Es wird sicherlich streitige Verfahren geben. Darauf haben Sie Bezug genommen, Herr Hinners. Bei jedem Gesetz wird es Auseinandersetzungen geben. Unser Ziel war es mit diesem Gesetz, für eine vorübergehende Zeit bis März 2017 als letztes Mittel eine Möglichkeit zu haben, große Gewerbeimmobilien sicherzustellen. Deswegen ist eine Befristung vorgesehen und deswegen lehnen wir den Antrag der LINKEN ab.

Wenn Sie auf verfassungsrechtliche Probleme hinweisen, dann kann ich Ihnen nur erwidern, dass die Behörden selbstverständlich prüfen werden, ob alle Alternativen vorher geprüft wurden. Es ist ganz klar, wie solche Verfahren sonst ausgehen.

Wir haben versucht, mit diesem Gesetz alle Voraussetzungen aufzuschreiben, um auch nach außen das Signal zu senden und diese Sorgen und Ängste zu nehmen. Wir wollen nicht, dass auch Wohnungen sichergestellt werden, wie Sie es in Ihrem Änderungsantrag beschrieben haben, meine Damen und Herren von der LINKEN. Das wollten wir eben nicht. Wir erkennen natürlich auch an, was sehr, sehr viele Menschen hier in Bremen und Bremerhaven in der Flüchtlingsarbeit bewältigen. Wir wollen die Akzeptanz der Flüchtlinge nicht durch solche Sicherstellungen in Gefahr bringen. Deswegen haben wir auch diese Größenzahlen in das Gesetz aufgenommen, deswegen haben wir die Befristung. Sie wissen, wie es mit Gesetzen ist. Wenn man sie befristet, kann man sie nach einer erneuten Prüfung noch einmal verlängern, falls die Notwendigkeit besteht.

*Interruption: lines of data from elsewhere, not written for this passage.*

Theorem corollary1 (d : measure_display) (T : measurableType d) (R : realType)
  (P : probability T R)
  (A1 A2 A3 A4 : T -> nat) (X Y Z : nat -> T -> R)
  (* A^(i) take values in {1,2,3,...} and are random variables *)
  (hA1 : forall w, (0 < A1 w)%N) (hA2 : forall w, (0 < A2 w)%N)
  (hA3 : forall w, (0 < A3 w)%N) (hA4 : forall w, (0 < A4 w)%N)
  (mA1 : forall n, measurable (A1 @^-1` [set n]))
  (mA2 : forall n, measurable (A2 @^-1` [set n]))
  (mA3 : forall n, measurable (A3 @^-1` [set n]))
  (mA4 : forall n, measurable (A4 @^-1` [set n]))
  (* A^(i) identically distributed *)
  (dA2 : forall B : set nat, P (A2 @^-1` B) = P (A1 @^-1` B))
  (dA3 : forall B : set nat, P (A3 @^-1` B) = P (A1 @^-1` B))
  (dA4 : forall B : set nat, P (A4 @^-1` B) = P (A1 @^-1` B))
  (* X^(a), Y^(b), Z^(c) are [0,oo)-valued random variables *)
  (mX : forall a, measurable_fun setT (X a))
  (mY : forall a, measurable_fun setT (Y a))
  (mZ : forall a, measurable_fun setT (Z a))
  (hX : forall a w, 0 <= X a w) (hY : forall a w, 0 <= Y a w)
  (hZ : forall a w, 0 <= Z a w)
  (* all X^(a), Y^(b), Z^(c) identically distributed *)
  (dX : forall a (B : set R), measurable B -> P (X a @^-1` B) = P (X 0%N @^-1` B))
  (dY : forall a (B : set R), measurable B -> P (Y a @^-1` B) = P (X 0%N @^-1` B))
  (dZ : forall a (B : set R), measurable B -> P (Z a @^-1` B) = P (X 0%N @^-1` B))
  (* all these random variables are mutually independent *)
  (hind : mutually_independent P
     (fun i : ('I_4 + ('I_3 * nat))%type =>
        match i with
        | inl k => sigmaN (nth A1 [:: A1; A2; A3; A4] k)
        | inr (k, a) => sigmaR (nth X [:: X; Y; Z] k a)
        end)) :
  st_dominates P
    (fun w => Num.max (\sum_(0 <= a < A1 w) X a w) (\sum_(0 <= b < A2 w) Y b w))
    (fun w => \sum_(0 <= c < maxn (A3 w) (A4 w)) Z c w)
    [set z | 0 <= z] [set z | 0 <= z].
Proof.
move=> z _ _.
rewrite (max_of_compounds_tail mA1 mA2 mA3 mA4 dA2 dA3 dA4 mX mY mZ dX dY dZ hind z).
rewrite (compound_of_max_tail mA1 mA2 mA3 mA4 dA2 dA3 dA4 mX mY mZ dX dY dZ hind z).
have cdf_le1 := sum_cdf_le1 P mA1 mA2 mA3 mA4 mX mY mZ z.
apply: leeB => //; apply: lee_nneseries => [m _ _|m _].
  by apply: nneseries_ge0 => k _ _; rewrite !mule_ge0.
apply: lee_nneseries => [k _ _|k _]; first by rewrite !mule_ge0.
by rewrite !lee_wpmul2l //; apply: mul_le_at_maxn.
Qed.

(Abg. Dr. vom Bruch [CDU]: Das stimmt!)

Frau Bernhard, Sie haben hier versucht, das so ein bisschen auszuspielen. Das fand ich, ehrlich gesagt, sehr schade.

(Beifall Bündnis 90/Die Grünen, SPD)

Sie haben den Eindruck erweckt, als würde die rotgrüne Koalition hier im Land Bremen nur die Flüchtlinge im Blick haben und die anderen Menschen nicht.